27, No. 2, December 2022
Title:
Aligning Sentences in a Paragraph-Paraphrased Corpus with New Embedding-based
Similarity Measures
Author:
Aleksandra Smolka, Hsin-Min Wang, Jason S. Chang, and Keh-Yih Su
Abstract:
To better understand and utilize lexical and syntactic mapping between various
language expressions, it is often first necessary to perform sentence alignment
on the provided data. Up until now, the character trigram overlapping ratio was considered to be the best similarity measure on the text
simplification corpus. In this paper, we aim to show that a newer
embedding-based similarity metric will be preferable to the traditional SOTA
metric on the paragraph-paraphrased corpus. We report a series of experiments
designed to compare different alignment search strategies as well as various
embedding- and non-embedding-based sentence similarity metrics in the
paraphrased sentence alignment task. Additionally, we explore the problem of
aligning and extracting sentences with imposed restrictions, such as
controlling sentence complexity. For evaluation, we use paragraph pairs sampled
from the Webis-CPC-11 corpus containing paraphrased paragraphs. Our results
indicate that modern embedding-based metrics such as those utilizing SentenceBERT or BERTScore
significantly outperform the character trigram overlapping ratio in the
sentence alignment task in the paragraph-paraphrased corpus.
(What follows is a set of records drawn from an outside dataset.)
Lemma reidemeister_infinite_of_heis (R : numDomainType) (phi : G -> G) (rho : G -> Heis R)
    (a b c d t : R) (z : G) :
  is_hom phi -> is_hom rho ->
  (forall u, ab (phi u) = ab u -> ab u = 0) ->
  (forall g, hp (rho (phi g)) = a * hp (rho g) + b * hq (rho g)) ->
  (forall g, hq (rho (phi g)) = c * hp (rho g) + d * hq (rho g)) ->
  a * d - b * c = 1 -> ab z = 0 -> rho z = Heis3 0 0 t -> t != 0 ->
  reidemeister_infinite phi.
Proof.
move=> phi_hom rho_hom ab_fix rho_p rho_q detL z0 rho_z t0.
apply: (reidemeister_infinite_of_family phi_hom (z := gpow z)) => k l u zkl.
have u0 : ab u = 0.
  apply: ab_fix; have := congr1 ab zkl.
  rewrite !ab_hom (homV ab_hom) !(hom_gpow _ _ ab_hom) z0 !gpow_addG !mul0rn /=.
  by rewrite addr0 => /esym/eqP; rewrite subr_eq0 => /eqP.
have vanish (f : G -> addG R) : is_hom f -> f u = 0 by move/additive_eq0; apply.
have p0 : hp (rho u) = 0 := vanish _ (hom_comp rho_hom (@hp_hom R)).
have q0 : hq (rho u) = 0 := vanish _ (hom_comp rho_hom (@hq_hom R)).
(* As [det L = 1], [phi] fixes the centre coordinate of [rho] on the kernel of [ab]. *)
have z_eq : hz (rho (phi u)) = hz (rho u).
  have := vanish _ (heis_twist_additive rho_hom (hom_comp phi_hom rho_hom) rho_p rho_q).
  rewrite /= p0 q0 detL !mulr0 !addr0 subr0 mul1r => /eqP.
  by rewrite mulrn_eq0 /= subr_eq0 => /eqP.
have etaE (s : heis3 R) : s = Heis3 (hp s) (hq s) (hz s) by case: s.
have := congr1 rho zkl; rewrite !rho_hom (homV rho_hom) !(hom_gpow _ _ rho_hom) rho_z.
rewrite !gpow_Heis_central (etaE (rho (phi u))) rho_p rho_q z_eq (etaE (rho u)) p0 q0.
by move=> [_ _]; rewrite !(mulr0, mul0r, addr0, add0r) addrAC subrr add0r => /(mulrIn t0).
Qed.
(* If s and t generate A_n or S_n and [s,t] = c is the 3-cycle (a b d), then
   every cycle of s has the length of the cycle of s or of s^t through a, b
   or d.  Indeed s = s^t c, so s and s^t agree off {a, b, d}; the points whose
   s-cycle has another length form a set stable under s and t, hence under
   A_n, which it cannot be since it misses a. *)
Lemma setA_cycle_lengths s t : (s, t) \in setA n ->
  exists2 Lam : seq nat, size Lam = 6 & forall x, cycle_len s x \in Lam.
Proof.
rewrite inE => /andP[]; rewrite inE /= => /is_3cycleP[a [b [d [ab bd ad [h1 h2 h3] hc]]]] Hg.
set c := paper_comm s t in h1 h2 h3 hc.
set s' := s ^ t.
have Es z : s z = c (s' z).
  suff -> : s = s' * c by rewrite permM.
  by rewrite /s' /c /paper_comm /conjg !mulgA !mulgK mulVg mul1g.
set Lam := [:: cycle_len s a; cycle_len s b; cycle_len s d;
               cycle_len s' a; cycle_len s' b; cycle_len s' d].
exists Lam => //.
set X := [set x | cycle_len s x \notin Lam].
have sX x : x \in X -> s x \in X by rewrite !inE (cycle_len_eq (porbit_succ s x)).
have tX x : x \in X -> t x \in X.
  rewrite !inE => Hx.
  have L1 : cycle_len s' (t x) = cycle_len s x by rewrite /s' cycle_lenJ.
  have off_abd z : z \in porbit s' (t x) -> [&& z != a, z != b & z != d].
    move=> Hz; have E := cycle_len_eq Hz.
    by apply/and3P; split; apply/negP => /eqP Ez; subst z; move: Hx;
      rewrite -L1 -E eqxx ?orbT.
  have agree y : y \in porbit s' (t x) -> s' y = s y.
    move=> Hy; rewrite Es.
    have : s' y \in porbit s' (t x) by rewrite -(porbit_eq Hy) porbit_succ.
    by case/off_abd/and3P => na nb nd; rewrite hc.
  by rewrite /cycle_len -(porbit_agree agree) -/(cycle_len _ _) L1.
have stX : forall g y, g \in <<[set s; t]>> -> y \in X -> g y \in X.
  by apply: gen_stable => u y /set2P[] ->; [apply: sX | apply: tX].
move=> x; apply/negPn/negP => Hx; have Xx : x \in X by rewrite inE.
have xa : x != a by apply: contra Hx => /eqP ->; rewrite !inE eqxx.
have [e ex ea] : exists2 e, e != x & e != a.
  case: (eqVneq x b) => [xb|xb]; last by exists b; rewrite 1?eq_sym.
  by exists d; rewrite 1?eq_sym // xb.
have [g gA gx] := Alt_transitive ex ea.
have gG : g \in <<[set s; t]>>.
  by case/orP: Hg => /eqP ->; rewrite // inE.
by have := stX g x gG Xx; rewrite gx !inE eqxx.
Qed.

End FewCycleLengths.

Section UpperBound.
Variable n : nat.
Implicit Types (s t g : 'S_n) (x y : 'I_n).

Definition few s := #|cycle_lengths s| <= 6.

Lemma setA_few s t : (s, t) \in setA n -> few s.
Proof.
case/setA_cycle_lengths=> Lam sz HL; rewrite /few -sz cardE -(size_map (@nat_of_ord _)).
apply: uniq_leq_size; first by rewrite map_inj_uniq ?enum_uniq //; exact: val_inj.
by move=> L /mapP[i]; rewrite mem_enum inE => /existsP[x /eqP Ex] ->; rewrite -Ex.
Qed.

Definition profileT := {ffun 'I_6 -> 'I_n.+1 * 'I_n.+1}.

(* The cycle profile of s: its first six cycle lengths, each paired with the
   number of cycles of that length.  For s with few cycle lengths it
   determines the conjugacy class of s. *)
Definition profile s : profileT :=
  [ffun i : 'I_6 => let L := nth ord0 (enum (cycle_lengths s)) i in
                    (L, inord (cycle_count s L))].

Lemma cycle_count0 s L : ~~ [exists x, cycle_len s x == L] -> cycle_count s L = 0.
Proof.
move=> H; apply: eq_card0 => r; rewrite !inE.
by apply/negP => /andP[_ /eqP E]; move/negP: H; apply; apply/existsP; exists r; rewrite E.
Qed.

Lemma profile_cycle_count_occ s s' L : few s -> profile s = profile s' ->
  [exists x, cycle_len s x == L] -> cycle_count s L = cycle_count s' L.
Proof.
move=> fs E /existsP[x /eqP Ex].
have HL : L < n.+1 by rewrite ltnS -Ex cycle_len_le.
set i0 : 'I_n.+1 := inord L.
have vi0 : nat_of_ord i0 = L by rewrite /i0 inordK.
have mi0 : i0 \in enum (cycle_lengths s).
  by rewrite mem_enum inE; apply/existsP; exists x; rewrite vi0 Ex.
have Hk : index i0 (enum (cycle_lengths s)) < 6.
  by apply: leq_trans (fs); rewrite cardE index_mem.
have := congr1 (fun f : profileT => f (Ordinal Hk)) E.
rewrite !ffunE /= nth_index // => -[E1 E2].
move/(congr1 (@nat_of_ord _)): E2.
by rewrite -E1 !inordK ?ltnS ?cycle_count_le // vi0.
Qed.

Lemma profile_cycle_count s s' : few s -> few s' -> profile s = profile s' ->
  forall L, cycle_count s L = cycle_count s' L.
Proof.
move=> fs fs' E L.
case: (boolP [exists x, cycle_len s x == L]) => H1.
  exact: profile_cycle_count_occ H1.
case: (boolP [exists x, cycle_len s' x == L]) => H2.
  exact/esym/(profile_cycle_count_occ fs' (esym E) H2).
by rewrite !cycle_count0.
Qed.

Definition profile_rep (tau : profileT) : 'S_n :=
  odflt 1 [pick s0 | few s0 && (profile s0 == tau)].

Definition to_rep s : 'S_n := odflt 1 [pick g | s == profile_rep (profile s) ^ g].

Definition comm_witness s c : 'S_n := odflt 1 [pick t | paper_comm s t == c].

Lemma profile_repP s : few s ->
  few (profile_rep (profile s)) /\ profile (profile_rep (profile s)) = profile s.
Proof.
move=> fs; rewrite /profile_rep; case: pickP => [s0 /andP[f0 /eqP ->] //|H].
by move: (H s); rewrite fs eqxx.
Qed.

Lemma to_repP s : few s -> s = profile_rep (profile s) ^ to_rep s.
Proof.
move=> fs; have [f0 e0] := profile_repP fs.
have [g Hg] := conj_of_cycle_count (profile_cycle_count f0 fs e0).
rewrite /to_rep; case: pickP => [g' /eqP //|H].
by move: (H g); rewrite -Hg eqxx.
Qed.
(* Let $(\Sigma,\theta)$ be a Noetherian space. The tree topology on the set $T(\Sigma)$ of finite trees over $\Sigma$ is the least fixed point of the map $K$ sending a topology $\tau$ on $T(\Sigma)$ to the topology generated by the sets $\uparrow_{\le_T}U\langle V\rangle$ with $U\in\theta$ and $V$ open in $T(\Sigma)^*$ for the subword topology induced by $\tau$; moreover $K$ is a topology expander.
   Context: A finite tree over $\Sigma$ is $a\langle t_1\cdots t_n\rangle$ with $a\in\Sigma$, $n\ge0$ and $t_i$ finite trees. $\le$ is the specialisation preorder of $\theta$. For a topological space $(A,\sigma)$, the subword topology on $A^*$ is generated by $A^*U_1A^*\cdots A^*U_nA^*$ with $U_i\in\sigma$; Higman's ordering $\le^*$ on $A^*$ relative to a preorder on $A$: $u\le^*w$ iff a strictly increasing map $h$ of positions satisfies $u_i\le w_{h(i)}$. Kruskal's embedding $\le_T$ on $T(\Sigma)$: $s\le_T t$ iff, writing $t=a\langle t_1\cdots t_n\rangle$, either $s\le_T t_i$ for some $i$, or $s=b\langle s_1\cdots s_m\rangle$ with $b\le a$ and $s_1\cdots s_m\le_T^* t_1\cdots t_n$. For $U\subseteq\Sigma$, $V\subseteq T(\Sigma)^*$, $U\langle V\rangle$ is the set of trees $a\langle w\rangle$ with $a\in U$, $w\in V$; $\diamond U\langle V\rangle$ is the set of trees having a subtree in $U\langle V\rangle$. The tree topology is the coarsest topology $\tau$ on $T(\Sigma)$ such that $\diamond U\langle V\rangle$ is open for every $U\in\theta$ and every $V$ open in the subword topology on $T(\Sigma)^*$ built from $\tau$. Noetherian: every subset compact. A refinement function is a map from topologies on a set $X$ to topologies on $X$, monotone and preserving Noetherianity; $\tau|_H$ is the topology generated by $\{U\cap H:U\in\tau\}$; a topology expander is a refinement function $R$ with $R(\tau)|_H=R(\tau|_H)|_H$ for all Noetherian $\tau\subseteq R(\tau)$ and all $H$ closed in $\tau$. *)

From Stdlib Require Import List.
Set Implicit Arguments.

Definition topo (X : Type) := (X -> Prop) -> Prop.

Definition set_eq {X} (A B : X -> Prop) := forall x, A x <-> B x.
Definition topo_le {X} (t1 t2 : topo X) := forall U, t1 U -> t2 U.
Definition topo_eq {X} (t1 t2 : topo X) := forall U, t1 U <-> t2 U.

Definition is_topology {X} (t : topo X) : Prop :=
  t (fun _ => True) /\
  (forall A B, t A -> t B -> t (fun x => A x /\ B x)) /\
  (forall F : (X -> Prop) -> Prop, (forall U, F U -> t U) ->
      t (fun x => exists U, F U /\ U x)).

Definition gen {X} (G : (X -> Prop) -> Prop) : topo X :=
  fun U => forall t, is_topology t -> (forall V, G V -> t V) -> t U.

Definition compact_in {X} (t : topo X) (A : X -> Prop) : Prop :=
  forall F : (X -> Prop) -> Prop, (forall U, F U -> t U) ->
    (forall x, A x -> exists U, F U /\ U x) ->
    exists l : list (X -> Prop), (forall U, In U l -> F U) /\
      (forall x, A x -> exists U, In U l /\ U x).

Definition noetherian {X} (t : topo X) : Prop :=
  forall A : X -> Prop, compact_in t A.

Definition noetherian_space {X} (t : topo X) : Prop :=
  is_topology t /\ noetherian t.

(* specialisation preorder: x <= y iff x is in the closure of {y},
   i.e. every open set containing x contains y *)
Definition spec_le {X} (t : topo X) (x y : X) : Prop :=
  forall U, t U -> U x -> U y.

Definition closed_in {X} (t : topo X) (H : X -> Prop) : Prop :=
  t (fun x => ~ H x).

(* tau|_H : topology (on X) generated by { U /\ H : U in tau } *)
Definition restr {X} (t : topo X) (H : X -> Prop) : topo X :=
  gen (fun W => exists U, t U /\ set_eq W (fun x => U x /\ H x)).
(* Let $0\le c<\sqrt2-1$, let $K\ge1$ be an integer, let $t$ be a positive integer such that $R=(1+c)t$ is an integer with $R\ge10$, and let $L=R^{2K+1}$. For $l\in[K]$ with $cR^{K-l}$ an integer, define \[g_l=\big(1_{R^{K+1+l},R^{K-l}}\,2_{R^{K+1+l},R^{K-l}}\big)^{L/R^{K+1+l}}.\] Let $1\le i<j\le K$ with $cR^{K-i}$ and $cR^{K-j}$ integers, and let $s$ be a common subsequence of $g_i$ and $g_j$. Then \[\left(1+\frac2R\right)\operatorname{span}_{g_i}s+\operatorname{span}_{g_j}s\ \ge\ (3+c)\operatorname{len} s-\frac{10L}{R}.\]
   Context: Words are over $\{1,2\}$; $\alpha^m$ is letter $\alpha$ repeated $m$ times and $u^m$ is $m$ concatenated copies of word $u$. For positive integers $M,a$ with $ca$ and $M/((1+c)a)$ integers, $1_{M,a}=(1^a2^{ca})^{M/((1+c)a)}$ and $2_{M,a}=(2^a1^{ca})^{M/((1+c)a)}$. (The paper adopts the convention that all such lengths are integers.) Symbols are distinguishable positions; a common subsequence of $u_1,u_2$ is a pair of subsequences of $u_1,u_2$ equal as words, $\operatorname{len} s$ its length; $\operatorname{span}_{u}s$ is the length of the shortest block of consecutive symbols of $u$ containing the part of $s$ lying in $u$. *)

From mathcomp Require Import all_boot all_order all_algebra.
From mathcomp Require Import reals.
Set Implicit Arguments. Unset Strict Implicit. Unset Printing Implicit Defensive.

(* Words over {1,2} are represented as seq nat (letters 1 and 2). *)

Definition blk (x y a b : nat) : seq nat := nseq a x ++ nseq b y.

(* 1_{M,a} = (1^a 2^{ca})^{M/((1+c)a)}, with b = ca (an integer), so (1+c)a = a+b. *)
Definition word1 (M a b : nat) : seq nat := flatten (nseq (M %/ (a + b)) (blk 1 2 a b)).
Definition word2 (M a b : nat) : seq nat := flatten (nseq (M %/ (a + b)) (blk 2 1 a b)).

(* g_l = (1_{R^{K+1+l},R^{K-l}} 2_{R^{K+1+l},R^{K-l}})^{L/R^{K+1+l}},
   where b = c R^{K-l} (assumed integer) and L = R^{2K+1}. *)
Definition gword (r K l b : nat) : seq nat :=
  let M := r ^ (K + 1 + l) in
  let a := r ^ (K - l) in
  flatten (nseq (r ^ (2 * K + 1) %/ M) (word1 M a b ++ word2 M a b)).

Definition common_subseq (u1 u2 : seq nat) (I J : seq nat) : Prop :=
  [/\ sorted ltn I, sorted ltn J, size I = size J &
      [/\ all (fun k => k < size u1) I, all (fun k => k < size u2) J &
           map (nth 0 u1) I = map (nth 0 u2) J]].

Definition wspan (I : seq nat) : nat :=
  if I is x :: I' then (last x I' - x).+1 else 0.

From mathcomp Require Import all_boot all_order all_algebra.
From mathcomp Require Import reals.
From mathcomp Require Import zify ring lra.
Set Implicit Arguments. Unset Strict Implicit. Unset Printing Implicit Defensive.
Import Order.TTheory GRing.Theory Num.Theory.
Lemma binom_moment_ge0 m : 0 <= F m.
Proof. by rewrite /binom_moment big_nat; apply: sumr_ge0 => j /andP[_ ?]; rewrite mulr_ge0 ?nu_ge0. Qed.

Lemma binom_moment0 : F 0 = 1.
Proof. by rewrite -nu_sum1; apply: eq_bigr => j _; rewrite bin0 mulr1. Qed.

Lemma binom_moment_eq0 m : (n < m)%N -> F m = 0.
Proof.
move=> lt_nm; rewrite /binom_moment big1_seq // => j /andP[_].
by rewrite mem_index_iota => /andP[_ lt_jn]; rewrite bin_small ?mulr0 //; lia.
Qed.

Lemma binom_moment_rec m : (m < n)%N ->
  n%:R * F m.+1 = q ^+ m.+1 * ((n - m.+1)%:R * F m.+1 + (n - m)%:R * F m).
Proof.
move=> lt_mn; transitivity (n%:R *
    \sum_(0 <= k < n.+1) nu k * \sum_(0 <= j < n.+1) careless_P n q k j * 'C(j, m.+1)%:R).
  congr (_ * _); transitivity
    (\sum_(0 <= j < n.+1) \sum_(0 <= k < n.+1) nu k * careless_P n q k j * 'C(j, m.+1)%:R).
    by apply: eq_big_nat => j /andP[_ lt_jn]; rewrite nu_stationary // big_distrl.
  rewrite exchange_big_nat; apply: eq_bigr => k _.
  by rewrite big_distrr; apply: eq_bigr => j _; rewrite /= mulrA.
under eq_big_nat => k /andP[_ lt_kn] do rewrite careless_P_binom_moment //.
rewrite /binom_moment !big_distrr -big_split big_distrr /=; apply: eq_bigr => k _.
by field; rewrite pnatr_eq0 -lt0n.
Qed.

Lemma binom_moment_step_ge m : (m < n)%N -> (n - m)%:R * q ^+ m.+1 * F m <= n%:R * F m.+1.
Proof.
move=> lt_mn; rewrite binom_moment_rec //.
have : 0 <= q ^+ m.+1 * ((n - m.+1)%:R * F m.+1).
  by rewrite mulr_ge0 ?exprn_ge0 ?mulr_ge0 ?binom_moment_ge0 // ltW.
lra.
Qed.

Lemma binom_moment_step_le m : (m < n)%N ->
  n%:R * (1 - q ^+ m.+1) * F m.+1 <= (n - m)%:R * q ^+ m.+1 * F m.
Proof.
move=> lt_mn; have := binom_moment_rec _ lt_mn.
have : q ^+ m.+1 * (n - m.+1)%:R * F m.+1 <= q ^+ m.+1 * n%:R * F m.+1.
  by rewrite ler_wpM2r ?binom_moment_ge0 // ler_wpM2l ?ler_nat ?leq_subr // exprn_ge0 // ltW.
lra.
Qed.

Lemma wnk_le_binom_moment m : (m <= n)%N -> wnk q n m <= F m.
Proof.
elim: m => [|m IHm] lt_mn; first by rewrite wnk0 binom_moment0.
rewrite -(ler_pM2l (_ : 0 < n%:R)) ?ltr0n // wnkS //.
apply: (le_trans _ (binom_moment_step_ge _ lt_mn)).
by rewrite ler_wpM2l ?IHm 1?ltnW // mulr_ge0 // exprn_ge0 // ltW.
Qed.

Lemma binom_moment_qpoch_le m : (m <= n)%N -> F m * qpoch q m <= wnk q n m.
Proof.
have q01 : 0 <= q < 1 by rewrite ltW.
elim: m => [|m IHm] lt_mn; first by rewrite binom_moment0 wnk0 /qpoch big_geq ?mul1r.
rewrite -(ler_pM2l (_ : 0 < n%:R)) ?ltr0n // wnkS // qpochS.
have := ler_wpM2r (ltW (qpoch_gt0 q01 m)) (binom_moment_step_le _ lt_mn).
have := ler_wpM2l (_ : 0 <= (n - m)%:R * q ^+ m.+1) (IHm (ltnW lt_mn)).
move=> /(_ (mulr_ge0 (ler0n _ _) (exprn_ge0 _ (ltW q_gt0)))); lra.
Qed.

Lemma binom_moment_ratio m : (1 - q) * F m.+1 <= q ^+ m.+1 * F m.
Proof.
have [lt_mn|le_nm] := ltnP m n; last first.
  by rewrite binom_moment_eq0 ?mulr0 ?mulr_ge0 ?exprn_ge0 ?binom_moment_ge0 ?ltW.
rewrite -(ler_pM2l (_ : 0 < n%:R)) ?ltr0n //.
have le_x_q : q ^+ m.+1 <= q.
  by rewrite exprS; apply: ler_piMr; [exact: ltW | exact: exprn_ile1 (ltW q_gt0) (ltW q_lt1)].
have : n%:R * (1 - q) * F m.+1 <= n%:R * (1 - q ^+ m.+1) * F m.+1.
  by rewrite ler_wpM2r ?binom_moment_ge0 // ler_wpM2l // lerB.
have := binom_moment_step_le _ lt_mn.
have : (n - m)%:R * q ^+ m.+1 * F m <= n%:R * q ^+ m.+1 * F m.
  by rewrite ler_wpM2r ?binom_moment_ge0 // ler_wpM2r ?ler_nat ?leq_subr // exprn_ge0 // ltW.
lra.
Qed.

Lemma stationary_binom_moment_bounds k : (k <= n)%N -> k.+1%:R * q ^+ k.+1 <= (1 - q) / 2 ->
  F k / 2 <= nu k <= F k.
Proof.
(* By binomial inversion nu k is the alternating sum of the t i, which at least halve at each step. *)
move=> le_kn small; pose t i := 'C(i + k, k)%:R * F (i + k).
have t_ge0 i : 0 <= t i by rewrite mulr_ge0 ?binom_moment_ge0.
have t_half i : t i.+1 <= t i / 2.
  rewrite /t addSn; set m := (i + k)%N; have le_km : (k <= m)%N by rewrite leq_addl.
  have CF_ge0 : 0 <= 'C(m, k)%:R * F m by rewrite mulr_ge0 ?binom_moment_ge0.
  have xF_ge0 : 0 <= q ^+ m.+1 * F m by rewrite mulr_ge0 ?binom_moment_ge0 // exprn_ge0 // ltW.
  have e1 := ler_wpM2l (ler0n _ 'C(m.+1, k)) (binom_moment_ratio m).
  have e2 : 'C(m.+1, k)%:R * (q ^+ m.+1 * F m) <= k.+1%:R * 'C(m, k)%:R * (q ^+ m.+1 * F m).
    by rewrite ler_wpM2r // -natrM ler_nat leq_binS.
  have e3 : k.+1%:R * 'C(m, k)%:R * (q ^+ m.+1 * F m)
            <= k.+1%:R * 'C(m, k)%:R * (q ^+ k.+1 * F m).
    by rewrite ler_wpM2l ?mulr_ge0 // ler_wpM2r ?binom_moment_ge0 // ler_wiXn2l // ltW.
  have e4 := ler_wpM2r CF_ge0 small.
  rewrite -(ler_pM2l (_ : 0 < 1 - q)) ?subr_gt0 //; lra.
have t_dec i : t i.+1 <= t i by have := t_half i; have := t_ge0 i; lra.
have := alternating_sum_bounds _ _ (n - k) t_ge0 t_dec.
rewrite /t -binom_moment_inversion // add0n binn mul1r add1n => /andP[lb ub].
have := t_half 0; rewrite /t add0n add1n binn mul1r => t1_le.
by apply/andP; split; lra.
Qed.

End StationaryLaw.

Lemma careless_stationaryP n q nu : careless_stationary n q nu ->
  [/\ forall j, (j <= n)%N -> 0 <= nu j, \sum_(0 <= j < n.+1) nu j = 1
    & forall j, (j <= n)%N -> nu j = \sum_(0 <= k < n.+1) nu k * careless_P n q k j].
Proof.
case=> nu_ge0 [nu_sum1 nu_stat]; split => [j /ssrnat.leP le_jn | | j /ssrnat.leP le_jn].
- exact/RleP/nu_ge0.
- by rewrite -sum_f_R0E.
- by rewrite nu_stat // sum_f_R0E.
Qed.
(* Let $d\in T^{W_P}$, $q=\alpha_1(d)$, and $z\in Z_d$ with $z=u_1\dot w_Pd\bar u_2$, $u_1\in U_+\cap\dot w_PU_+\dot w_P^{-1}$, $\bar u_2\in U_-$, where $\bar u_2=y_1(a_1)\cdots y_{m-1}(a_{m-1})y_m(c)y_{m-1}(b_{m-1})\cdots y_1(b_1)$ with all $a_i,c,b_i\neq0$. Then $$\mathcal F_d(\pi_R(z))=a_1+\dots+a_{m-1}+c+b_{m-1}+\dots+b_1+q\,\frac{a_1+b_1}{a_1\cdots a_{m-1}\,c\,b_{m-1}\cdots b_1}.$$
   Context: Fix an integer $m\ge 2$. Let $V=\mathbb C^{2m}$ and let $J$ be the $2m\times 2m$ matrix with $J_{i,2m+1-i}=(-1)^i$ for $1\le i\le 2m$ and all other entries $0$. Let $G=\mathrm{PSp}(V,J)\cong\mathrm{PSp}_{2m}(\mathbb C)$, whose elements are represented by matrices. Let $E_{i,j}$ denote matrix units, $e_i=E_{i,i+1}+E_{2m-i,2m-i+1}$ for $1\le i\le m-1$, $e_m=E_{m,m+1}$, $f_i=e_i^{T}$, $x_i(a)=\exp(ae_i)$, $y_i(a)=\exp(af_i)$. Let $B_+=TU_+$ and $B_-=TU_-$ be the upper resp. lower triangular elements of $G$, with $U_\pm$ their unipotent radicals and $T$ the diagonal elements $(d_{ij})$ with $d_{ii}=d_{2m+1-i,2m+1-i}^{-1}$. The Weyl group $W$ is generated by $s_1,\dots,s_m$ with representatives $\dot s_i=y_i(-1)x_i(1)y_i(-1)$; for $w=s_{i_1}\cdots s_{i_k}$ reduced, $\dot w=\dot s_{i_1}\cdots\dot s_{i_k}$. Let $W_P=\langle s_2,\dots,s_m\rangle$, $w_P$ its longest element, $w_0$ the longest element of $W$. Let $T^{W_P}$ be the $W_P$-fixed part of $T$, and $\alpha_1(d)=d_{11}/d_{22}$. For $d\in T^{W_P}$ let $Z_d=B_-\dot w_0\cap U_+d\dot w_PU_-$. The open Richardson variety is $\mathcal R=(B_+\dot w_PB_-\cap B_-\dot w_0B_-)/B_-\subset G/B_-$, and $\pi_R:Z_d\to\mathcal R$, $z\mapsto zB_-$, is an isomorphism. Each $z\in Z_d$ is written uniquely as $z=u_1\dot w_Pd\bar u_2$ with $u_1\in U_+\cap\dot w_PU_+\dot w_P^{-1}$ and $\bar u_2\in U_-$. For $u\in U_+$ put $e_i^*(u)=u_{i,i+1}$, and for $\bar u\in U_-$ put $f_i^*(\bar u)=\bar u_{i+1,i}$. The superpotential is $\mathcal F_d(\pi_R(z))=\sum_{i=1}^m e_i^*(u_1)+\sum_{i=1}^m f_i^*(\bar u_2)$. *)

(* Matrices in Sp_{2m} over a numeric closed field F
   (the MathComp stand-in for C).  Indices are 1-based via [ent1]. *)
From HB Require Import structures.
From mathcomp Require Import all_boot all_order all_algebra.
Set Implicit Arguments. Unset Strict Implicit. Unset Printing Implicit Defensive.
Import Order.TTheory GRing.Theory Num.Theory.
Local Open Scope ring_scope.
Keywords: Sentence Alignment,
Sentence Similarity, Sentence Embedding, Paragraph-paraphrased Corpus
Title:
Investigation of Feature Processing Modules and Attention Mechanisms in Speaker
Verification System
Author:
Ting-Wei Chen, Wei-Ting Lin, Chia-Ping Chen, Chung-Li Lu, Bo-Cheng Chan, Yu-Han
Cheng, Hsiang-Feng Chuang, Wei-Yu Chen
Abstract:
In this paper, we use several combinations of feature front-end modules and
attention mechanisms to improve the performance of our speaker verification
system. An updated version of ECAPA-TDNN is chosen as a baseline. We replace
and integrate different feature front-end and attention mechanism modules to
compare and find the most effective model design, and this model would be our
final system. We use VoxCeleb 2 dataset as our
training set, and test the performance of our models
on several test sets. With our final proposed model, we improved performance by
16% over baseline on VoxSRC2022 valudation set,
achieving better results for our speaker verification system.
Keywords:
Speaker
Verification, Frontend Module, Attention Mechanism, Time Delay Neural Network
Title:
Development of Mandarin-English Code-switching Speech Synthesis System
Author:
Hsin-Jou Lien, Li-Yu Huang, and Chia-Ping Chen
Abstract:
In this paper, the Mandarin-English codeswitching speech synthesis system has
been proposed. To focus on learning the content information between two
languages, the training dataset is multilingual artificial dataset whose
speaker style is unified. Adding language embedding into the system helps it be
more adaptive to multilingual dataset. Besides, text preprocessing is applied
and be used in different way which depends on the languages. Word segmentation
and text-to-pinyin are the text preprocessing for Mandarin, which not only
improves the fluency but also reduces the learning complexity. Number
normalization decides whether the arabic numerals in
sentence needs to add the digits. The preprocessing for English is acronym
conversion which decides the pronunciation of acronym.
Keywords:
Speech Synthesize, Codeswitching, Text Preprocessing
Title:
Analyzing Discourse Functions with Acoustic Features and Phone Embeddings:
Non-lexical Items in Taiwan Mandarin
Author:
Pin-Er Chen, Yu-Hsiang Tseng, Chi-Wei Wang, Fang-Chi Yeh, and Shu-Kai Hsieh
Abstract:
Non-lexical items are expressive devices used in
conversations that are not words but are nevertheless meaningful. These items
play crucial roles, such as signaling, turn-taking, or marking stances in
interactions. However, as the non-lexical items do not stably correspond to
written or phonological forms, past studies tend to focus on studying their
acoustic properties, such as pitches and durations. In this paper, we
investigate the discourse functions of non-lexical items through their acoustic
properties and the phone embeddings extracted from a deep learning model.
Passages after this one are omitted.